The administration building is three stories high and is topped by a double-height mansard roof. The main elevation of the building's facade is on Lexington Avenue and is symmetrical, being arranged vertically into five bays. On the north and south ends of the Lexington Avenue elevation, pavilions protrude slightly onto the street. At the base of the building, a limestone water table wraps across all three elevations of the facade. A limestone band course also wraps horizontally across the facade, underneath the first-story window sills. The center of the Lexington Avenue elevation contains a massive limestone round arch, surrounded by brick headers and topped by an eagle-shaped keystone. A sally port is recessed deeply within this archway and is shielded by an iron portcullis. On the rest of the ground story, there are long, narrow rectangular windows shielded by iron grilles.

On the second story of the Lexington Avenue elevation, there are quoins on the outer edge of each pavilion. Between each set of quoins are limestone plaques bearing the names of battles where the 69th Regiment fought. On the remainder of the second story, each bay contains tripartite windows with transom bars at their tops.
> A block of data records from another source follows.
(* Consider the private information delivery (PID) problem with $K$ messages, $N\ge\lceil K/M\rceil$ servers and $M$ messages stored per server, where $1\le M\le K$ and $K/M\notin\mathbb{Z}$. Then (i) if $N \geq \frac{K}{\gcd(K,M)} - \left(\frac{M}{\gcd(K,M)}-1\right)\left(\lfloor K/M \rfloor - 1\right)$, the rate $M/K$ is achievable, so that $C=M/K$; and (ii) if $N=\lceil K/M\rceil$, then every achievable rate is at most $1/\lceil K/M\rceil$, so that $C=1/\lceil K/M\rceil$.
   Context: The PID problem with parameters $(K,N,M)$: There are $K$ independent messages $W_1,\dots,W_K$, each consisting of $L$ i.i.d. uniform symbols from a finite field $\mathbb{F}_p$, so that (in $p$-ary units) $H(W_k)=L$ for all $k$ and $H(W_1,\dots,W_K)=\sum_k H(W_k)$. There are $N$ servers; server $n$ stores $S_n=\{W_k : k\in\mathcal{S}_n\}$ for some $\mathcal{S}_n\subset\{1,\dots,K\}$ with $|\mathcal{S}_n|=M$ (a design choice). The servers share a common random variable $Z$ independent of the messages. For each $k\in\{1,\dots,K\}$, server $n$ sends an answer $A_n^{[k]}$ that is a deterministic function of $(S_n,Z)$ and consists of $D_n$ symbols of $\mathbb{F}_p$ ($D_n$ independent of $k$). Correctness: $H(W_k\mid A_1^{[k]},\dots,A_N^{[k]})=0$ for all $k$. Privacy: for all $k$, $(A_1^{[1]},\dots,A_N^{[1]},W_1)$ and $(A_1^{[k]},\dots,A_N^{[k]},W_k)$ are identically distributed. The rate is $R=L/\sum_n D_n$; a rate is achievable if some scheme (choice of $L$, $p$, storage sets, $Z$, answer functions) satisfying these constraints has rate at least $R$; the capacity $C$ is the supremum of achievable rates over all storage designs and schemes. It is known that $1/\lceil K/M\rceil\le C\le M/K$ whenever $N\ge\lceil K/M\rceil$. *)

From HB Require Import structures.
From mathcomp Require Import all_boot all_order all_algebra.
From mathcomp Require Import reals exp.
Set Implicit Arguments. Unset Strict Implicit. Unset Printing Implicit Defensive.
Import Order.TTheory GRing.Theory Num.Theory.
Local Open Scope ring_scope.

Section Prob.
Variable R : realType.

Definition Pr (Om : finType) (P : Om -> R) (E : pred Om) : R :=
  \sum_(w : Om | E w) P w.

(* conditional entropy H(X | Y) = E[ - log P(X | Y) ] (natural log; the
   base only rescales, and only the condition H = 0 is used) *)
Definition condH (Om : finType) (P : Om -> R) (A B : eqType)
    (X : Om -> A) (Y : Om -> B) : R :=
  - \sum_(w : Om) P w *
      ln (Pr P (fun w' => (X w' == X w) && (Y w' == Y w)) /
          Pr P (fun w' => Y w' == Y w)).

Definition ident_distr (Om : finType) (P : Om -> R) (A : eqType)
    (X Y : Om -> A) : Prop :=
  forall a : A, Pr P (fun w => X w == a) = Pr P (fun w => Y w == a).
End Prob.

Definition cdiv (K M : nat) : nat := (K + M.-1) %/ M.

Definition msgs (p K L : nat) := {ffun 'I_K -> 'rV['F_p]_L}.

Definition answers (p N : nat) (D : 'I_N -> nat) :=
  {dffun forall n : 'I_N, 'rV['F_p]_(D n)}.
All of the bays on the Lexington Avenue facade, and the center two bays on 25th and 26th Streets, are separated by polygonal limestone-trimmed oriel windows, which served as gun bays. Above the second floor, a cornice with large brackets runs horizontally across the facade, and there is a brick parapet directly above the cornice. The mansard roof is made of slate and covered with copper. The mansard roof was originally one story high, making the administration building 82 ft tall. The roof was expanded in the 1920s to two stories; the modern-day roof has pairs of round-arched or rectangular dormers with copper frames.

==== Drill shed ====
The drill shed is oriented east–west along 25th and 26th Streets and is variously cited as measuring 200.96 by 168.83 ft; 200 by 170 ft; or 202 by 189 ft. It has a brick facade with limestone trim, similar to in the administration building. On all sides, the first story consists of a brick and stone wall with buttresses. The roof is a barrel vault that early sources cited as measuring 126 ft high. Local firm Milliken Brothers manufactured the steelwork for the roof, which is supported by six arches, each consisting of two three-hinged steel trusses. The trusses are grouped into pairs and are riveted together, spanning a distance of 189 ft 8 in. The roof also has a sealed-off skylight which measured 80 by 20 ft. By the late 20th century, an aluminized fabric covering had been placed over the roof.

=== Features ===
Both the drill hall and the administration building were constructed with a superstructure of steel beams. There are no columns within the armory itself; instead, the weight of the upper stories is carried by the load-bearing exterior walls, which are very thick and have few windows.

The entrance of the drill hall led into a lobby with stairways and elevators on either side. On the first story of the administration building, were the regimental library, colonel's room, and officers' rooms. The lieutenant colonel's study contains an antique table, while the colonel's room has 69th Regiment memorabilia including Medals of Honor and portraits commissioned from the American Civil War. The primary feature of the first story was the drill hall at the rear, measuring 137.5 by 201 ft across. The drill hall is surrounded on all sides by a balcony, which is 16 ft wide. The eastern wall also contains an arch measuring 90 ft across and 68 ft tall, which was the largest in the United States when the building was completed in the 1900s. The outer edges of the arch measure 190 ft wide and 116 ft tall, leading The New York Times to say that it was "asserted to be the largest brick arch in the world".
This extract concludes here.